University of Utah researchers asked that question in a study published recently in the academic journal Cell Reports. The findings, they say, could potentially lead to interventions and treatments for obesity and metabolic disease.
“Many different species in the world have evolved these extraordinary superpowers that can help us learn about the mechanisms that are causing diseases in humans, and potentially prevent those diseases,” said Christopher Gregg, associate professor in the Department of Neurology & Anatomy.
“And the ability to sequence and analyze genomes has really revolutionized our ability to uncover these secrets underlying these superpowers, or the mechanisms that evolved. So it’s an exciting time when we can start bringing together human biology and the biology of all these extraordinary animals to learn a lot about each other,” he said.
In the project that began a few years ago, researchers analyzed full genome sequences from small hibernating mammals — the thirteen-lined ground squirrel, little brown bat, gray mouse lemur, and lesser Madagascar hedgehog tenrec.

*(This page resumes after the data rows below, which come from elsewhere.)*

(* Let $K$ be an idempotent semifield and $L$ a finite extension of $K$. Then $L$ is archimedean over $K$, i.e. for every $x\in L$ there exists $y\in K$ with $x+y=y$.
   Context: A semifield is a commutative semiring (both operations commutative monoids, distributive law) in which every nonzero element is a unit; it is idempotent if $x+x=x$ for all $x$. An extension of $K$ is a semifield $L$ with an injective homomorphism $K\to L$ (used to identify $K$ with its image); it is finite if $L$ is a finitely generated $K$-semimodule. *)

From HB Require Import structures.
From mathcomp Require Import all_boot all_order all_algebra.
Set Implicit Arguments. Unset Strict Implicit. Unset Printing Implicit Defensive.
Import GRing.Theory.
Local Open Scope ring_scope.

Definition is_semifield (K : comPzSemiRingType) : Prop :=
  forall x : K, x != 0 -> exists y : K, x * y = 1.

Definition is_idempotent (K : comPzSemiRingType) : Prop :=
  forall x : K, x + x = x.

(* L is a finitely generated K-semimodule, the action being k . x := f k * x. *)
Definition finite_ext (K L : comPzSemiRingType) (f : {rmorphism K -> L}) : Prop :=
  exists s : seq L, forall x : L, exists c : nat -> K,
    x = \sum_(i < size s) f (c i) * s`_i.

Definition archimedean_over (K L : comPzSemiRingType) (f : {rmorphism K -> L}) : Prop :=
  forall x : L, exists y : K, x + f y = f y.

From HB Require Import structures.
From mathcomp Require Import all_boot all_order all_algebra.
Set Implicit Arguments. Unset Strict Implicit. Unset Printing Implicit Defensive.
Import GRing.Theory.
Local Open Scope ring_scope.

(* Idempotency passes from K to L because 1 + 1 = 1 there, and then a + b = b
   is an order compatible with sums and products.  If s generates L over K and
   u is the sum of the generators, every element x = sum f(c_i) s_i lies below
   f(sum c_i) u.  Applied to x = u^2 this gives u^2 <= f(k) u, and dividing by
   u (L is a semifield) gives u <= f(k); hence every x lies below some f(k'). *)

Section IdempotentOrder.

Variable R : comPzSemiRingType.
Hypothesis add11 : (1 : R) + 1 = 1.

Definition idem_le (a b : R) := a + b = b.

Lemma addrii (x : R) : x + x = x.
Proof. by rewrite -{1 2}(mulr1 x) -mulrDr add11 mulr1. Qed.

Lemma idem_le_trans (a b c : R) : idem_le a b -> idem_le b c -> idem_le a c.
Proof. by rewrite /idem_le => hab hbc; rewrite -hbc addrA hab. Qed.

Lemma idem_le_addr (a b : R) : idem_le a (a + b).
Proof. by rewrite /idem_le addrA addrii. Qed.

Lemma idem_le0r (a : R) : idem_le 0 a.
Proof. exact: add0r. Qed.

Lemma idem_leM2l (c a b : R) : idem_le a b -> idem_le (c * a) (c * b).
Proof. by rewrite /idem_le => h; rewrite -mulrDr h. Qed.

Lemma idem_le_sum n (F G : 'I_n -> R) :
  (forall i, idem_le (F i) (G i)) ->
  idem_le (\sum_(i < n) F i) (\sum_(i < n) G i).
Proof.
move=> hFG; apply: (big_ind2 idem_le); [exact: add0r | | by []].
by move=> x1 x2 y1 y2 h1 h2; rewrite /idem_le -[in RHS]h1 -[in RHS]h2 addrACA.
Qed.

Lemma idem_le_bigr n (F : 'I_n -> R) i : idem_le (F i) (\sum_(j < n) F j).
Proof. by rewrite (bigD1 i) //=; apply: idem_le_addr. Qed.

Lemma idem_le_of_sqr (u b : R) :
  (u = 0 \/ exists v, u * v = 1) -> idem_le (u * u) (b * u) -> idem_le u b.
Proof.
case=> [-> _ | [v uv] h]; first exact: idem_le0r.
move: (idem_leM2l v h); rewrite /idem_le.
by rewrite ![v * _]mulrC -!mulrA uv !mulr1.
Qed.

End IdempotentOrder.

Section FiniteExtension.

Variables (K L : comPzSemiRingType) (f : {rmorphism K -> L}).
Hypothesis idK : is_idempotent K.

Lemma add11_ext : (1 : L) + 1 = 1.
Proof. by rewrite -(rmorph1 f) -rmorphD idK. Qed.

Variable s : seq L.

Let u := \sum_(i < size s) s`_i.

Lemma idem_le_span (c : nat -> K) :
  idem_le (\sum_(i < size s) f (c i) * s`_i) (f (\sum_(i < size s) c i) * u).
Proof.
rewrite rmorph_sum mulr_suml; apply: idem_le_sum => i.
by apply: idem_leM2l; exact: (idem_le_bigr add11_ext (fun j : 'I_(size s) => s`_j)).
Qed.

Hypothesis sfL : is_semifield L.
Hypothesis span_s : forall x : L, exists c : nat -> K,
  x = \sum_(i < size s) f (c i) * s`_i.

Lemma idem_le_gen_sum_scalar : exists k : K, idem_le u (f k).
Proof.
have [a ua] := span_s (u * u).
exists (\sum_(i < size s) a i); apply: idem_le_of_sqr.
  by have [/eqP | /sfL] := boolP (u == 0); [left | right].
by rewrite ua; apply: idem_le_span.
Qed.

End FiniteExtension.

Theorem mainTheorem5 (K L : comPzSemiRingType) (f : {rmorphism K -> L}) :
  is_semifield K -> is_idempotent K -> is_semifield L ->
  injective f -> finite_ext f ->
  archimedean_over f.
Proof.
move=> _ idK sfL _ [s span_s] x.
have [k uk] := idem_le_gen_sum_scalar idK sfL span_s.
have [c ->] := span_s x.
exists ((\sum_(i < size s) c i) * k); rewrite rmorphM.
apply: (idem_le_trans (idem_le_span f idK s c)).
exact: idem_leM2l.
Qed.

They also analyzed genomes from humans and non-hibernating animals.
After collecting the “huge” data set of genome sequences that had been shared from researchers around the world, the researchers built software and data analysis tools to compare the genomes. They were looking for parts of the genome that belong to every mammal, including humans. Those shared parts are called “conserved regions.” After eliminating all the parts that aren’t shared, only 5% of the genome remains to examine, Gregg said.
In the four hibernating species, the researchers found that they each had areas of “changed elements” that modified the sequence of their DNA — the changed areas were called “parallel accelerated regions.” Parallel accelerated regions are mechanisms that have evolved independently at an accelerated pace — they’re called “parallel” because they are shared among the four species.

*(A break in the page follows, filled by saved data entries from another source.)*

Lemma theta_deviation_rate (R : realType) k M (A : 'I_k -> 'I_M -> R) beta C :
  0 <= C -> F0 A beta C !=set0 ->
  exists2 L, 0 <= L & forall Ah bh K1 K2 s kappa, 0 < s ->
    entry_dev Ah A <= K1 * s -> supnorm (fun f => bh f - beta f) <= K2 * s ->
    Num.max 1 (M%:R * (K1 * C) + K2) <= kappa ->
    `|thetahat_min Ah bh C (kappa * s) - theta_min A beta C|
       <= (L + objective_scale k M C * K1) * (kappa * s) /\
    `|thetahat_max Ah bh C (kappa * s) - theta_max A beta C|
       <= (L + objective_scale k M C * K1) * (kappa * s).
Proof.
move=> C0 F0_neq0; have [L L0 dev] := theta_deviation C0 F0_neq0.
exists L => // Ah bh K1 K2 s kappa s0 Ah_K1 bh_K2; rewrite ge_max => /andP[kappa1 kappa_K].
have ea0 := entry_dev_ge0 Ah A; have eb0 := supnorm_ge0 (fun f => bh f - beta f).
have K1_0 : 0 <= K1 by rewrite -(pmulr_lge0 _ s0) (le_trans ea0).
have B0 := objective_scale_ge0 k M C0.
have rho_tau : M%:R * (entry_dev Ah A * C) + supnorm (fun f => bh f - beta f) <= kappa * s.
  have : M%:R * (entry_dev Ah A * C) <= M%:R * (K1 * s * C) by rewrite ler_wpM2l ?ler_wpM2r.
  nra.
have [dev_min dev_max] := dev Ah bh _ _ (kappa * s) ea0 eb0 (le_entry_dev Ah A)
  (supnorm_ge (fun f => bh f - beta f)) rho_tau.
have s_le : s <= kappa * s by nra.
have ea_le : entry_dev Ah A <= K1 * (kappa * s) by apply: le_trans Ah_K1 _; rewrite ler_wpM2l.
have BK1 : objective_scale k M C * entry_dev Ah A <= objective_scale k M C * K1 * (kappa * s).
  by rewrite -mulrA ler_wpM2l.
rewrite mulrDl; split; lra.
Qed.

(** * Bounds in outer probability *)

Section ExceptionalEvents.
Variables (R : realType) (d : measure_display) (T : measurableType d).
Variable P : probability T R.

Definition holds_except (eps : R) (Q : T -> Prop) : Prop :=
  exists S, [/\ measurable S, (P S <= eps%:E)%E & forall t, ~ S t -> Q t].

Lemma holds_exceptW eps (Q Q' : T -> Prop) :
  (forall t, Q t -> Q' t) -> holds_except eps Q -> holds_except eps Q'.
Proof. by move=> QQ' [S [mS PS SQ]]; exists S; split=> // t /SQ/QQ'. Qed.
Lemma scaled_binom_ode z : Rabs z < 1 ->
  (1 - z) * PSeries (PS_derive scaled_binom) z = / 2 * PSeries scaled_binom z.
Proof.
  intros Hz.
  replace ((1 - z) * PSeries (PS_derive scaled_binom) z) with
    (1 * PSeries (PS_derive scaled_binom) z + (-1) * (z * PSeries (PS_derive scaled_binom) z))
    by ring.
  rewrite PSeries_euler, PSeries_lin, <- PSeries_scal; auto.
  - apply PSeries_ext. intros n.
    unfold PS_derive, PS_euler, PS_scal. rewrite scaled_binom_S, S_INR.
    change (scal (/ 2) (scaled_binom n)) with (/ 2 * scaled_binom n).
    field. pose proof (pos_INR n). lra.
  - apply radius_ge1_derive, radius_ge1_scaled_binom.
  - apply radius_ge1_euler, radius_ge1_scaled_binom.
Qed.

Lemma harmonic_binom_ode z : Rabs z < 1 ->
  (1 - z) * PSeries (PS_euler harmonic_binom) z
  = / 2 * (z * PSeries harmonic_binom z) + (PSeries scaled_binom z - 1).
Proof.
  intros Hz.
  rewrite (PSeries_decr_1 scaled_binom z), scaled_binom_0
    by (apply radius_ge1_ex_pseries; auto; apply radius_ge1_scaled_binom).
  replace (1 + z * PSeries (PS_decr_1 scaled_binom) z - 1)
    with (1 * (z * PSeries (PS_decr_1 scaled_binom) z)) by ring.
  replace ((1 - z) * PSeries (PS_euler harmonic_binom) z) with
    (1 * PSeries (PS_euler harmonic_binom) z + (-1) * (z * PSeries (PS_euler harmonic_binom) z))
    by ring.
  rewrite <- !PSeries_incr_1, !PSeries_lin; auto.
  - apply PSeries_ext. intros [|n]; unfold PS_euler, PS_decr_1, PS_incr_1.
    + change zero with 0. simpl. ring.
    + unfold harmonic_binom. rewrite harmonic_S, scaled_binom_S, !S_INR.
      field. pose proof (pos_INR n). lra.
  - apply radius_ge1_incr_1, radius_ge1_harmonic_binom.
  - apply radius_ge1_incr_1, radius_ge1_decr_1, radius_ge1_scaled_binom.
  - apply radius_ge1_euler, radius_ge1_harmonic_binom.
  - apply radius_ge1_incr_1, radius_ge1_euler, radius_ge1_harmonic_binom.
Qed.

After discovering the parallel accelerated regions, the researchers set out to learn what the regions were and what their function was. Most of the regions aren’t actually genes, Gregg said, but instead are “switches that control when the genes turn on and turn off,” or regulatory elements, that allow them to hibernate.

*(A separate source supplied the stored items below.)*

(* For every $n\ge 2$ there is a bijection between the set of connected rooted chord diagrams with $n$ chords and the set of indecomposable rooted chord diagrams with $n$ chords having exactly two connected components. Consequently, if $I_2(x)$ denotes the ordinary generating function (by number of chords) of indecomposable chord diagrams with exactly two connected components, then $I_2(x)=C(x)-x$.
   Context: A (rooted) chord diagram with $n$ chords is a perfect matching of $\{1,\dots,2n\}$; its pairs $\{a<b\}$ are the chords. Two chords $\{a<b\},\{c<d\}$ cross if $a<c<b<d$ or $c<a<d<b$. The intersection graph has the chords as vertices and edges between crossing chords; its connected components are the connected components of the diagram, and a nonempty diagram is connected if its intersection graph is connected. A chord diagram with $n$ chords is indecomposable if there is no $k$ with $0<k<n$ such that $\{1,\dots,2k\}$ is a union of chords (the empty diagram is indecomposable by convention). $C(x)=\sum_n C_n x^n$ is the ordinary generating function of connected chord diagrams ($C_n$ = number with $n$ chords; $C(x)=x+x^2+4x^3+27x^4+\cdots$). *)

From mathcomp Require Import all_boot all_order all_algebra.
Set Implicit Arguments. Unset Strict Implicit. Unset Printing Implicit Defensive.

(* A rooted chord diagram with n chords is a perfect matching of the 2n points;
   we encode it as a fixed-point-free involution on 'I_(n.*2)
   (points 0..2n-1, i.e. the points 1..2n shifted by one). *)
Definition pts (n : nat) := 'I_(n.*2).

Definition is_matching n (f : {ffun pts n -> pts n}) : bool :=
  [forall i, (f (f i) == i) && (f i != i)].

Definition chords n (f : {ffun pts n -> pts n}) : {set {set pts n}} :=
  [set [set i; f i] | i : pts n].

Definition cross n (A B : {set pts n}) : bool :=
  [exists a in A, exists b in A, exists c in B, exists d in B,
      [&& (a < c)%N, (c < b)%N & (b < d)%N]]
  || [exists a in A, exists b in A, exists c in B, exists d in B,
      [&& (c < a)%N, (a < d)%N & (d < b)%N]].

Definition igraph n (f : {ffun pts n -> pts n}) : rel {set pts n} :=
  fun A B => [&& A \in chords f, B \in chords f & cross A B].

Definition ncomp n (f : {ffun pts n -> pts n}) : nat :=
  n_comp (igraph f) (mem (chords f)).

Definition connected_diag n (f : {ffun pts n -> pts n}) : bool :=
  ncomp f == 1%N.

Definition indecomposable n (f : {ffun pts n -> pts n}) : bool :=
  [forall k : 'I_n, (0 < k)%N ==>
     ~~ [forall i : pts n, (i < k.*2)%N ==> (f i < k.*2)%N]].

Definition conn_diag_pred n (f : {ffun pts n -> pts n}) : bool :=
  is_matching f && connected_diag f.

Definition indec2_pred n (f : {ffun pts n -> pts n}) : bool :=
  [&& is_matching f, indecomposable f & ncomp f == 2%N].

Definition C_coef (n : nat) : nat := #|[set f | conn_diag_pred (n:=n) f]|.
Definition I2_coef (n : nat) : nat := #|[set f | indec2_pred (n:=n) f]|.

From mathcomp Require Import all_boot all_order all_algebra.
From mathcomp Require Import zify.
Set Implicit Arguments. Unset Strict Implicit. Unset Printing Implicit Defensive.

(* Phi (indecomposable, two components -> connected): let A be the component
   of the point 0 and q the largest point outside A.  Moving q to the last
   position N-1 makes the chord of q cross a chord of A, hence connects the
   diagram.
   Psi (connected -> indecomposable, two components): let L = N-1, remove its
   chord, let A be the component of 0 in what remains and e the largest point
   outside A and different from L.  Moving L to position e+1 separates A from
   the rest and produces an indecomposable diagram with two components.

   Both maps conjugate the involution by a "one point move" bijection of the
   points, which is monotone away from the moved point, so that crossings away
   from the moved chord are preserved ([linked_transfer]). *)

Section Connectivity.
Variable T : finType.

Lemma connect_closed (e : rel T) (Q : pred T) :
  (forall x y, e x y -> Q x -> Q y) -> forall x y, Q x -> connect e x y -> Q y.
Proof.
move=> H x y Qx /connectP[p]; elim: p x Qx => [|w p IH] x Qx /=; first by move=> _ ->.
by case/andP=> exw pw lw; apply: (IH w (H _ _ exw Qx) pw lw).
Qed.

Lemma connect_hom_in (T' : finType) (e : rel T) (e' : rel T') (h : T -> T')
    (Q : pred T) :
  (forall x y, e x y -> Q x -> Q y) ->
  (forall x y, Q x -> e x y -> connect e' (h x) (h y)) ->
  forall x y, Q x -> connect e x y -> connect e' (h x) (h y).
Proof.
move=> Hc H x y Qx /connectP[p]; elim: p x Qx => [|w p IH] x Qx /=.
  by move=> _ ->; exact: connect0.
case/andP=> exw pw lw; apply: connect_trans (H _ _ Qx exw) _.
exact: (IH w (Hc _ _ exw Qx) pw lw).
Qed.

Lemma connect_exit (e : rel T) (Q : pred T) x y : Q x -> ~~ Q y -> connect e x y ->
  exists u w, [/\ Q u, ~~ Q w & e u w].
Proof.
move=> Qx nQy /connectP[p]; elim: p x Qx => [|w p IH] x Qx /=.
  by move=> _ E; rewrite E Qx in nQy.
case/andP=> exw pw lw; case Qw: (Q w).
  exact: (IH w Qw pw lw).
by exists x, w; rewrite Qx Qw exw.
Qed.

Lemma connect_reach (e : rel T) (R S : pred T) (P : T -> Prop) :
  (forall x, R x -> ~~ S x) ->
  (forall x w, R x -> e x w -> S w -> P x) ->
  (forall x w, R x -> e x w -> ~~ S w -> R w /\ (P w -> P x)) ->
  forall x y, R x -> connect e x y -> S y -> P x.
Proof.
move=> H0 H1 H2 x y Rx /connectP[p]; elim: p x Rx => [|w p IH] x Rx /=.
  by move=> _ -> Sy; move: (H0 _ Rx); rewrite Sy.
case/andP=> exw pw lw Sy; case Sw: (S w).
  exact: (H1 x w Rx exw Sw).
have [Rw HP] := H2 x w Rx exw (negbT Sw).
by apply: HP; apply: (IH w Rw pw lw Sy).
Qed.

Lemma connect_two_classes (e : rel T) x y : connect_sym e ->
  (forall w, connect e w x \/ connect e w y) ->
  forall z u v, ~~ connect e z u -> ~~ connect e z v -> connect e u v.
Proof.
move=> sym H z u v nzu nzv.
have away c w : connect e z c -> ~~ connect e z w -> ~~ connect e w c.
  move=> zc; apply: contra => wc; apply: connect_trans zc _; by rewrite sym.
have join c : connect e u c -> connect e v c -> connect e u v.
  by move=> uc vc; apply: connect_trans uc _; rewrite sym.
case: (H z) => zc.
- have [nux nvx] := (away _ _ zc nzu, away _ _ zc nzv).
  case: (H u) => uc; first by rewrite uc in nux.
  case: (H v) => vc; first by rewrite vc in nvx.
  exact: join uc vc.
- have [nuy nvy] := (away _ _ zc nzu, away _ _ zc nzv).
  case: (H u) => uc; last by rewrite uc in nuy.
  case: (H v) => vc; last by rewrite vc in nvy.
  exact: join uc vc.
Qed.

End Connectivity.

Lemma max_attain (N : nat) (P : pred 'I_N) (i0 : 'I_N) : P i0 ->
  exists2 i, P i & \max_(j | P j) (j : nat) = i.
Proof.
move=> Pi0; rewrite (bigmax_eq_arg i0) //.
by case: arg_maxnP => // i Pi _; exists i.
Qed.

Section Chords.
Variable n : nat.
Implicit Types (f : {ffun pts n -> pts n}) (i j : pts n).

Definition lo f i : nat := minn i (f i).
Definition hi f i : nat := maxn i (f i).

Definition pcross f i j :=
  [&& lo f i < lo f j, lo f j < hi f i & hi f i < hi f j] ||
  [&& lo f j < lo f i, lo f i < hi f j & hi f j < hi f i].

(* Points are linked when their chords cross or they share a chord; the
   components of the diagram are the classes of [connect (linked f)]. *)
Definition linked f : rel (pts n) := fun i j => pcross f i j || (f i == j).

Lemma ex_lo f i : exists2 a : pts n, a \in [set i; f i] & (a : nat) = lo f i.
Proof.
rewrite /lo; case: (leqP i (f i)) => h.
  by exists i; [rewrite !inE eqxx | lia].
by exists (f i); [rewrite !inE eqxx orbT | lia].
Qed.

Lemma ex_hi f i : exists2 a : pts n, a \in [set i; f i] & (a : nat) = hi f i.
Proof.
rewrite /hi; case: (leqP i (f i)) => h.
  by exists (f i); [rewrite !inE eqxx orbT | lia].
by exists i; [rewrite !inE eqxx | lia].
Qed.

Lemma cross_chords f i j : cross [set i; f i] [set j; f j] = pcross f i j.
Proof.
rewrite /cross /pcross; congr orb; apply/idP/idP.
- case/existsP=> a /andP[Ha /existsP[b /andP[Hb /existsP[c /andP[Hc /existsP[d /andP[Hd H]]]]]]].
  move: Ha Hb Hc Hd H; rewrite /lo /hi !inE.
  by move=> /orP[]/eqP-> /orP[]/eqP-> /orP[]/eqP-> /orP[]/eqP->; lia.
- move=> H; have [a Ha Ea] := ex_lo f i; have [b Hb Eb] := ex_hi f i.
  have [c Hc Ec] := ex_lo f j; have [d Hd Ed] := ex_hi f j.
  apply/existsP; exists a; rewrite Ha /=; apply/existsP; exists b; rewrite Hb /=.
  apply/existsP; exists c; rewrite Hc /=; apply/existsP; exists d; rewrite Hd /=.
  by rewrite Ea Eb Ec Ed.
- case/existsP=> a /andP[Ha /existsP[b /andP[Hb /existsP[c /andP[Hc /existsP[d /andP[Hd H]]]]]]].
  move: Ha Hb Hc Hd H; rewrite /lo /hi !inE.
  by move=> /orP[]/eqP-> /orP[]/eqP-> /orP[]/eqP-> /orP[]/eqP->; lia.
- move=> H; have [a Ha Ea] := ex_hi f i; have [b Hb Eb] := ex_lo f i.
  have [c Hc Ec] := ex_lo f j; have [d Hd Ed] := ex_hi f j.
  apply/existsP; exists b; rewrite Hb /=; apply/existsP; exists a; rewrite Ha /=.
  apply/existsP; exists c; rewrite Hc /=; apply/existsP; exists d; rewrite Hd /=.
  by rewrite Ea Eb Ec Ed.
Qed.

Lemma matchingK f : is_matching f -> forall i, f (f i) = i.
Proof. by move=> /forallP m i; case/andP: (m i) => /eqP. Qed.

Lemma matching_neq f : is_matching f -> forall i, f i != i.
Proof. by move=> /forallP m i; case/andP: (m i). Qed.

Lemma pcrossC f i j : pcross f i j = pcross f j i.
Proof. by rewrite /pcross orbC. Qed.

Lemma pcross_self f i : pcross f i i = false.
Proof. rewrite /pcross; lia. Qed.

Lemma linked_sym f : is_matching f -> symmetric (linked f).
Proof.
move=> m i j; rewrite /linked pcrossC; congr orb.
by apply/eqP/eqP=> <-; rewrite matchingK.
Qed.

Lemma linked_connect_sym f : is_matching f -> connect_sym (linked f).
Proof. by move=> m; apply: sym_connect_sym (linked_sym m). Qed.

Lemma chord_rep f : is_matching f -> forall i x, x \in [set i; f i] ->
  [set x; f x] = [set i; f i].
Proof.
move=> m i x; rewrite !inE => /orP[]/eqP->; first by [].
by rewrite matchingK // setUC.
Qed.

Lemma chordsP f X : X \in chords f -> exists i, X = [set i; f i].
Proof. by case/imsetP=> i _ ->; exists i. Qed.

Lemma chord_in f i : [set i; f i] \in chords f.
Proof. by apply/imsetP; exists i. Qed.

Lemma connect_chords f : is_matching f -> forall i j,
  connect (igraph f) [set i; f i] [set j; f j] = connect (linked f) i j.
Proof.
move=> m i j; apply/idP/idP; last first.
  move=> cij; apply: (@connect_hom_in _ _ _ _ (fun k => [set k; f k]) predT
    _ _ i j isT cij) => // x y _ /orP[H|/eqP<-].
    by apply: connect1; rewrite /igraph !chord_in cross_chords.
  by rewrite matchingK // setUC connect0.
pose rep (X : {set pts n}) := odflt i [pick x in X].
have repP X : X \in chords f -> X = [set rep X; f (rep X)].
  case/chordsP=> k ->; rewrite /rep; case: pickP => [x Hx|H] /=.
    by rewrite (chord_rep m Hx).
  by move: (H k); rewrite !inE eqxx.
have repin k : rep [set k; f k] \in [set k; f k].
  rewrite /rep; case: pickP => [x Hx|H] //=.
  by move: (H k); rewrite !inE eqxx.
have end_rep k : connect (linked f) k (rep [set k; f k]).
  move: (repin k); rewrite !inE => /orP[]/eqP->; first exact: connect0.
  by apply: connect1; rewrite /linked eqxx orbT.
move=> H.
have Hrep : connect (linked f) (rep [set i; f i]) (rep [set j; f j]).
  move: H; apply: (@connect_hom_in _ _ _ _ rep predT) => // X Y _ /and3P[HX HY HC].
  apply: connect1; rewrite /linked; apply/orP; left.
  by rewrite -cross_chords -(repP _ HX) -(repP _ HY).
apply: connect_trans (connect_trans (end_rep i) Hrep) _.
by rewrite (linked_connect_sym m).
Qed.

The “switches” were disproportionately located near genes linked to obesity in humans in the past, Gregg said.
That insight revealed how hibernation evolved, and the potential mechanisms involved in shaping obesity and metabolic traits in humans, according to Gregg.
“It might not be that the genes themselves, alone, are the critical part. It’s the switches that are turning the genes on and off in different ways that are the critical part. So now we have an understanding of the identity of those switches.”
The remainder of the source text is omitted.